Tahire’nin geçen ayki olanlar aklına gelince elini kalbine götürdü, hızlı hızlı solumaya başladı. “Allah’ın topalı, domuz!” diye içine içine söylenerek hışımla ipiyle orağını aldı, düştü yola. Köy evlerini geçince patika yokuşlara doğru tırmandı. Çayır köye hayli ıraktı. Güneş sabah sıcağını sunmaya, kelebekler uçmaya ve ağustos böcekleri ötmeye başlamıştı.
Yerine vardığında köy evleri görünmez oldu. Yorulmuştu, oturdu. Orağını çıkardı, bile taşıyla -bir sağ bir sol- ustaca biledi. Çayır kenarından akan arkın suyundan iki üç yudum içti, biçmeye başladı.

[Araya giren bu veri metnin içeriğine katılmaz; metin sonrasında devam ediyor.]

Lemma le_N2sq p v t : 1 <= p t -> 0 < v t -> v t < 1 -> p t <= N2sq p v t.
Proof.
move=> p1 v0 v1; rewrite /N2sq -mulrA.
have vi1 : 1 <= (v t)^-1 by rewrite invf_ge1 // ltW.
have w1 : 1 <= (v t)^-1 + v t by lra.
have pi1 : 1 <= 2 * (pi : R) by have := @pi_ge2 R; lra.
have p2 : p t <= p t ^+ 2 by rewrite expr2 ler_peMr // (le_trans ler01).
have p2w : p t ^+ 2 <= p t ^+ 2 * ((v t)^-1 + v t) by rewrite ler_peMr ?sqr_ge0.
apply: le_trans p2 (le_trans p2w _).
by rewrite ler_peMl // mulr_ge0 ?sqr_ge0 // (le_trans ler01).
Qed.

Lemma le_N0 p v t : 0 < p t -> 0 < v t -> v t < 1 -> p t <= N0 p v t.
Proof.
move=> p0 v0 v1; rewrite /N0 gtr0_norm //.
have m1 : 1 <= Num.max (v t)^-1 (v t) by rewrite le_max invf_ge1 // ltW.
nra.
Qed.

End norm_bounds.

Section solution.
Context {R : realType} {T : \bar R} {p v : R -> R} {rho : R}.
Hypotheses (sol : is_solution T p v) (v0_gt0 : 0 < v 0) (v0_lt1 : v 0 < 1)
  (rho_gt0 : 0 < rho) (rho_lt : rho < Rf (v 0)) (p0_gt : (Rf (v 0) - rho)^-1 < p 0).

Lemma v_neq0 t : 0 <= t -> (t%:E < T)%E -> v t != 0.
Proof. by case: sol => + _; apply. Qed.

Lemma p_cvg0 : p x @[x --> 0^'+] --> p 0.
Proof. by case: sol => _ []. Qed.

Lemma v_cvg0 : v x @[x --> 0^'+] --> v 0.
Proof. by case: sol => _ [_ []]. Qed.

Lemma p_derive t : 0 < t -> (t%:E < T)%E ->
  is_derive t 1 p (p t * (p t * Rf (v t) - 1)).
Proof. by case: sol => _ [_ [_ d]] t0 tT; case: (d t t0 tT). Qed.

Lemma v_derive t : 0 < t -> (t%:E < T)%E ->
  is_derive t 1 v (- (p t / 4) * (1 + v t ^+ 2)).
Proof. by case: sol => _ [_ [_ d]] t0 tT; case: (d t t0 tT). Qed.

Lemma before_T s t : s <= t -> (t%:E < T)%E -> (s%:E < T)%E.
Proof. by move=> st; apply: le_lt_trans; rewrite lee_fin. Qed.

Lemma cvg0_comp (g : R -> R) : {for v 0, continuous g} -> g (v x) @[x --> 0^'+] --> g (v 0).
Proof. by move=> gc; exact: continuous_cvg gc v_cvg0. Qed.

Lemma p0_gt0 : 0 < p 0.
Proof. by apply: lt_trans p0_gt; rewrite invr_gt0 subr_gt0. Qed.

Definition I1 := p 0 * mu (v 0).

Lemma I1_gt0 : 0 < I1.
Proof. by rewrite mulr_gt0 ?p0_gt0 // mu_gt0 // gt_eqF. Qed.

Lemma first_integral s : 0 <= s -> (s%:E < T)%E -> p s * mu (v s) * expR s = I1.
Proof.
move=> s0 sT.
have fd u : 0 < u -> (u%:E < T)%E ->
    is_derive u 1 (fun t => p t * mu (v t) * expR t) 0.
  move=> u0 uT; have vu := v_neq0 (ltW u0) uT.
  apply: is_derive_eq (is_derive1M (is_derive1M (p_derive u0 uT)
    (is_derive1_comp (mu_derive (v u)) (v_derive u0 uT))) (is_derive_expR u)) _.
  by rewrite /= /mu /Rf; field; rewrite vu sqr1_neq0.
have fc : p x * mu (v x) * expR x @[x --> 0^'+] --> p 0 * mu (v 0) * expR 0.
  apply: cvgM; first exact: cvgM p_cvg0 (cvg0_comp (is_derive1_continuous (mu_derive _))).
  exact: cvg_at_right_filter (is_derive1_continuous (is_derive_expR 0)).
by rewrite (eq_of_derive0 fd fc s0 sT) // expR0 mulr1.
Qed.

Lemma p_gt0 s : 0 <= s -> (s%:E < T)%E -> 0 < p s.
Proof.
move=> s0 sT; have := I1_gt0; rewrite -(first_integral s0 sT) -mulrA pmulr_lgt0 //.
by rewrite mulr_gt0 ?expR_gt0 // mu_gt0 // v_neq0.
Qed.

Lemma v_lt_v0 s : 0 < s -> (s%:E < T)%E -> v s < v 0.
Proof.
move=> s0 sT.
apply: (gt_of_derive_lt0 v_derive v_cvg0 (lexx 0) s0 sT).
move=> c /andP[c0 cs]; rewrite mulNr oppr_lt0 mulr_gt0 ?sqr1_gt0 // divr_gt0 //.
by rewrite p_gt0 ?(ltW c0) // (before_T (ltW cs)).
Qed.

Lemma v_gt0 s : 0 <= s -> (s%:E < T)%E -> 0 < v s.
Proof. by move=> s0 sT; exact: (gt0_of_neq0 v_derive v_cvg0 s0 sT v_neq0 v0_gt0). Qed.

Lemma v_lt1 s : 0 <= s -> (s%:E < T)%E -> v s < 1.
Proof.
rewrite le_eqVlt => /predU1P[<- //|s0] sT.
exact: lt_trans (v_lt_v0 s0 sT) v0_lt1.
Qed.

(* With [D := Rf v - rho - 1/p] one computes [D' = D + rho + p (1 + v^2)^2 / (8 v^2)],
   so [D * expR (- t)] is increasing. *)
Lemma p_inv_lt s : 0 <= s -> (s%:E < T)%E -> (p s)^-1 < Rf (v s) - rho.
Proof.
rewrite le_eqVlt => /predU1P[<- _|s0 sT].
  by rewrite -[X in _ < X]invrK ltf_pV2 ?posrE ?p0_gt0 ?invr_gt0 ?subr_gt0.
pose D u := (Rf (v u) - rho - (p u)^-1) * expR (- u).
have Dd u : 0 < u -> (u%:E < T)%E -> is_derive u 1 D
    (expR (- u) * (p u * (1 + v u ^+ 2) ^+ 2 / (8 * v u ^+ 2) + rho)).
  move=> u0 uT; have vu := v_neq0 (ltW u0) uT.
  have pu : p u != 0 by rewrite gt_eqF // p_gt0 // ltW.
  apply: is_derive_eq (is_derive1M (is_derive1B (is_derive1B
    (is_derive1_comp (Rf_derive vu) (v_derive u0 uT)) (is_derive1_cst rho u))
    (is_derive1V (p_derive u0 uT) pu)) (is_derive1_expRN u)) _.
  by rewrite /= /Rf; field; rewrite vu pu.
have Dc : D x @[x --> 0^'+] --> D 0.
  have Rfc : Rf (v x) @[x --> 0^'+] --> Rf (v 0).
    exact: cvg0_comp (is_derive1_continuous (Rf_derive (lt0r_neq0 v0_gt0))).
  have pVc : (p x)^-1 @[x --> 0^'+] --> (p 0)^-1 by exact: cvgV (lt0r_neq0 p0_gt0) p_cvg0.
  have eNc : expR (- x) @[x --> 0^'+] --> expR (- 0 : R).
    exact: cvg_at_right_filter (is_derive1_continuous (is_derive1_expRN 0)).
  by rewrite /D; exact: cvgM (cvgB (cvgB Rfc (cvg_cst rho)) pVc) eNc.
have D0 : 0 < D 0.
  rewrite /D oppr0 expR0 mulr1 subr_gt0.
  by rewrite -[X in _ < X]invrK ltf_pV2 ?posrE ?p0_gt0 ?invr_gt0 ?subr_gt0.
have : D 0 < D s.
  apply: (lt_of_derive_gt0 Dd Dc (lexx 0) s0 sT) => c /andP[c0 cs].
  have cT := before_T (ltW cs) sT.
  have pc := p_gt0 (ltW c0) cT.
  rewrite mulr_gt0 ?expR_gt0 // ltr_pwDr // divr_ge0 //.
    by rewrite mulr_ge0 ?sqr_ge0 ?ltW.
  by rewrite mulr_ge0 ?sqr_ge0.
by rewrite /D => /(lt_trans D0); rewrite pmulr_lgt0 ?expR_gt0 // subr_gt0.
Qed.

Lemma p_inv_addr_lt s : 0 < s -> (s%:E < T)%E -> (p s)^-1 + rho * s < (p 0)^-1.
Proof.
move=> s0 sT.
have fd u : 0 < u -> (u%:E < T)%E ->
    is_derive u 1 (fun t => (p t)^-1 + rho * t) (- (Rf (v u) - rho - (p u)^-1)).
  move=> u0 uT; have pu : p u != 0 by rewrite gt_eqF // p_gt0 // ltW.
  apply: is_derive_eq (is_derive1D (is_derive1V (p_derive u0 uT) pu)
    (is_derive1M (is_derive1_cst rho u) (is_derive1_id u))) _.
  by field.
have fc : (p x)^-1 + rho * x @[x --> 0^'+] --> (p 0)^-1 + rho * 0.
  apply: cvgD; first exact: cvgV (lt0r_neq0 p0_gt0) p_cvg0.
  exact: cvgM (cvg_cst _) (cvg_at_right_filter cvg_id).
have := gt_of_derive_lt0 fd fc (lexx 0) s0 sT.
rewrite mulr0 addr0; apply=> c /andP[c0 cs].
by rewrite oppr_lt0 subr_gt0 p_inv_lt // (ltW c0, before_T (ltW cs) sT).
Qed.

Lemma pointwise_bounds s : 0 < s -> (s%:E < T)%E ->
  [/\ v s < v 0, (Rf (v s) - rho)^-1 < p s & p 0 / (1 - rho * p 0 * s) <= p s].
Proof.
move=> s0 sT.
have ps := p_gt0 (ltW s0) sT.
have ips : 0 < (p s)^-1 by rewrite invr_gt0.
have D := p_inv_lt (ltW s0) sT.
have B := p_inv_addr_lt s0 sT.
split; first exact: v_lt_v0.
  by rewrite -[p s]invrK ltf_pV2 ?posrE ?invr_gt0 // (lt_trans ips).
have w0 : 0 < (p 0)^-1 - rho * s by lra.
have -> : p 0 / (1 - rho * p 0 * s) = ((p 0)^-1 - rho * s)^-1.
  have p0n := lt0r_neq0 p0_gt0.
  have -> : 1 - rho * p 0 * s = p 0 * ((p 0)^-1 - rho * s) by field.
  by rewrite invfM mulVKf.
by rewrite -[p s]invrK lef_pV2 ?posrE ?invr_gt0 //; lra.
Qed.

Lemma lt_inv_rho_p0 s : 0 < s -> (s%:E < T)%E -> s < (rho * p 0)^-1.
Proof.
move=> s0 sT; have B := p_inv_addr_lt s0 sT.
have ips : 0 < (p s)^-1 by rewrite invr_gt0 p_gt0 // ltW.
rewrite invfM -[s](mulKf (lt0r_neq0 rho_gt0)) ltr_pM2l ?invr_gt0 //.
lra.
Qed.

Lemma existence_time_finite : (0 < T)%E ->
  exists tc, [/\ T = tc%:E, 0 < tc & tc <= (rho * p 0)^-1].
Proof.
have b_gt0 : 0 < (rho * p 0)^-1 by rewrite invr_gt0 mulr_gt0 // p0_gt0.
case: T lt_inv_rho_p0 => [tc| |] //= bound tc_gt0; last first.
  by have := bound _ b_gt0 (ltry _); rewrite ltxx.
exists tc; split; rewrite -?lte_fin // leNgt; apply/negP => tc_gt.
by have := bound _ b_gt0; rewrite lte_fin ltxx => /(_ tc_gt).
Qed.

Lemma p_lt s t : 0 < s -> s < t -> (t%:E < T)%E -> p s < p t.
Proof.
move=> s0 st tT; apply: (lt_of_derive_gt0 p_derive p_cvg0 (ltW s0) st tT).
move=> c /andP[sc ct]; have c0 := lt_trans s0 sc.
have cT := before_T (ltW ct) tT.
have pc := p_gt0 (ltW c0) cT; have D := p_inv_lt (ltW c0) cT.
have -> : p c * Rf (v c) - 1 = p c * (Rf (v c) - rho - (p c)^-1) + p c * rho.
  by field; exact: lt0r_neq0.
by rewrite mulr_gt0 // addr_gt0 ?mulr_gt0 // subr_gt0.
Qed.

Lemma p_mu_v s : 0 <= s -> (s%:E < T)%E -> p s * mu (v s) = I1 * expR (- s).
Proof.
move=> s0 sT; rewrite -(first_integral s0 sT) -mulrA -expRD subrr expR0.
by rewrite mulr1.
Qed.

Lemma second_integral s : 0 <= s -> (s%:E < T)%E ->
  kappa (v s) - 4 * p s * mu (v s) = kappa (v 0) - 4 * I1.
Proof.
move=> s0 sT.
have fd u : 0 < u -> (u%:E < T)%E ->
    is_derive u 1 (fun t => kappa (v t) - 4 * p t * mu (v t)) 0.
  move=> u0 uT; have vu := v_neq0 (ltW u0) uT.
  have vd := v_derive u0 uT.
  apply: is_derive_eq (is_derive1B (is_derive1_comp (kappa_derive (v u)) vd)
    (is_derive1M (is_derive1M (is_derive1_cst 4 u) (p_derive u0 uT))
       (is_derive1_comp (mu_derive (v u)) vd))) _.
  by rewrite /= /mu /Rf; field; rewrite vu sqr1_neq0.
have fc : kappa (v x) - 4 * p x * mu (v x) @[x --> 0^'+] -->
    kappa (v 0) - 4 * p 0 * mu (v 0).
  have kc : kappa (v x) @[x --> 0^'+] --> kappa (v 0).
    by apply: cvg0_comp; exact: kappa_continuous.
  have mc := cvg0_comp (is_derive1_continuous (mu_derive (v 0))).
  exact: cvgB kc (cvgM (cvgM (cvg_cst (4 : R)) p_cvg0) mc).
by rewrite (eq_of_derive0 fd fc s0 sT) // -mulrA.
Qed.

Definition kappa_sol (t : R) : R := kappa (v 0) - 4 * I1 * (1 - expR (- t)).

Lemma kappa_v s : 0 <= s -> (s%:E < T)%E -> kappa (v s) = kappa_sol s.
Proof.
move=> s0 sT; have := second_integral s0 sT.
by rewrite -mulrA p_mu_v // /kappa_sol; lra.
Qed.

(* The closed form given by the two first integrals; it solves the system
   wherever [kappa_sol t] is a value of [kappa] on [(0, +oo)]. *)
Definition vext (t : R) : R := kappa_inv (kappa_sol t).
Definition pext (t : R) : R := I1 * expR (- t) / mu (vext t).

Lemma vext_eq s : 0 <= s -> (s%:E < T)%E -> vext s = v s.
Proof. by move=> s0 sT; rewrite /vext -kappa_v // kappaK // v_gt0. Qed.

Lemma pext_eq s : 0 <= s -> (s%:E < T)%E -> pext s = p s.
Proof.
move=> s0 sT; rewrite /pext vext_eq // -p_mu_v // mulfK //.
by rewrite gt_eqF // mu_gt0 // v_neq0.
Qed.

Lemma kappa_sol_derive (t : R) : is_derive t 1 kappa_sol (- (4 * I1 * expR (- t))).
Proof.
apply: is_derive_eq (is_derive1B (is_derive1_cst (kappa (v 0)) t)
  (is_derive1M (is_derive1_cst (4 * I1) t)
     (is_derive1B (is_derive1_cst 1 t) (is_derive1_expRN t)))) _.
by ring.
Qed.

Lemma vext_derive t : 0 < vext t -> kappa (vext t) = kappa_sol t ->
  is_derive t 1 vext (- (pext t / 4) * (1 + vext t ^+ 2)).
Proof.
move=> x0 kx; have := kappa_inv_derive x0; rewrite kx => kid.
apply: is_derive_eq (is_derive1_comp kid (kappa_sol_derive t)) _.
by rewrite /pext /mu; field; rewrite sqr1_neq0 lt0r_neq0.
Qed.

Lemma pext_derive t : 0 < vext t -> kappa (vext t) = kappa_sol t ->
  is_derive t 1 pext (pext t * (pext t * Rf (vext t) - 1)).
Proof.
move=> x0 kx; have mx := lt0r_neq0 (mu_gt0 (lt0r_neq0 x0)).
apply: is_derive_eq (is_derive1M (is_derive1M (is_derive1_cst I1 t) (is_derive1_expRN t))
  (is_derive1V (is_derive1_comp (mu_derive (vext t)) (vext_derive x0 kx)) mx)) _.
by rewrite /= /pext /mu /Rf; field; rewrite sqr1_neq0 lt0r_neq0.
Qed.

Lemma kappa_sol_le s t : s <= t -> kappa_sol t <= kappa_sol s.
Proof.
move=> st; have I4 : 0 < 4 * I1 by rewrite mulr_gt0 // I1_gt0.
by rewrite /kappa_sol lerD2l lerN2 ler_pM2l // lerD2l lerN2 ler_expR lerN2.
Qed.

(* If [p <= M] on [(0, tc)], then [v >= vlow] there, and [eps] is small enough
   for [kappa_sol], which decreases at rate at most [4 * I1], to stay positive
   up to [text > tc]. *)
Section bounded_continuation.
Variables (tc M : R).
Hypotheses (T_eq : T = tc%:E) (tc_gt0 : 0 < tc)
  (p_le : forall s, 0 < s -> s < tc -> p s <= M).

Let lt_T s : s < tc -> (s%:E < T)%E.
Proof. by rewrite T_eq lte_fin. Qed.

Lemma M_gt0 : 0 < M.
Proof.
have tc2 : tc / 2 < tc by rewrite ltr_pdivrMr // ltr_pMr // ltr1n.
have tc2_gt0 : 0 < tc / 2 by rewrite divr_gt0.
by apply: lt_le_trans (p_le tc2_gt0 tc2); rewrite p_gt0 ?lt_T ?ltW.
Qed.

Definition vlow := I1 * expR (- tc) / M.

Lemma vlow_gt0 : 0 < vlow.
Proof. by rewrite divr_gt0 ?M_gt0 // mulr_gt0 ?I1_gt0 ?expR_gt0. Qed.

Lemma vlow_le_v s : 0 < s -> s < tc -> vlow <= v s.
Proof.
move=> s0 stc; have sT := lt_T stc; have ps := p_gt0 (ltW s0) sT.
apply: le_trans (mu_le (v_gt0 (ltW s0) sT) (v_lt1 (ltW s0) sT)).
have -> : mu (v s) = I1 * expR (- s) / p s.
  by rewrite -p_mu_v ?ltW // mulrC mulKf // lt0r_neq0.
apply: ler_pM.
- by rewrite mulr_ge0 ?expR_ge0 // ltW // I1_gt0.
- by rewrite invr_ge0 ltW // M_gt0.
- by rewrite ler_pM2l ?I1_gt0 // ler_expR lerN2 ltW.
- by rewrite lef_pV2 ?posrE ?M_gt0 // p_le.
Qed.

Biçmeyi severdi Tahire. Kendine küçük küçük yerler belirler, orayı bitirince başarmanın hazzıyla yeni hedef koyardı. Böylece işi hem daha zevkli hâle gelir hem kolay biterdi. İlk hedefini bitirdi. Şimdi karşıdaki ağaçtan alttaki taşa kadar olan alanı biçecekti. Önce oturdu, bir daha biledi orağını. Güneş tepeye doğru iyice yaklaşmış, sıcağı Tahire’nin yazmasının içine doluşmuştu. Alnındaki teri sildi. Boğazını aralayıp yazmasının iki ucunu başının gerisine itti.
“Yağmur yağacak belli, bu kadar kızdırması boşa değil. Otları yağmura vermesek bari. Gelmeseydim keşke!”
Pişmanlığına rağmen oturduğu yerden eğilip tekrar biçmeye başladı. Otları kestikçe kuruması için intizamla yanına seriyordu. İki üç orak sonra çıtırtı sesi geldi. Anasının işi bitmiş gelmiş olmalıydı.
“Kız mı oldu oğlan mı? Aman oğlan olsun bu dünyada oğlan olmak varmış.”
“Kız ana, oğlan mı kız mı desene?”
Otların üzerinden haşır haşur sürtünme sesi geldi. “Ana hep ezdin otları,” dedi geri döndü. Kara, kirli, dişleri sarı, saçları dökük, göbekli, topal deli sırıtarak geliyordu.
Tahire elindeki orağı ile olduğu yerden geriye doğru hareketlendi. Topal, kemerini çözüyor tuhaf sesler çıkarıyordu. Kelebekler yoktu ama ağustos böcekleri ötmeye devam ediyordu.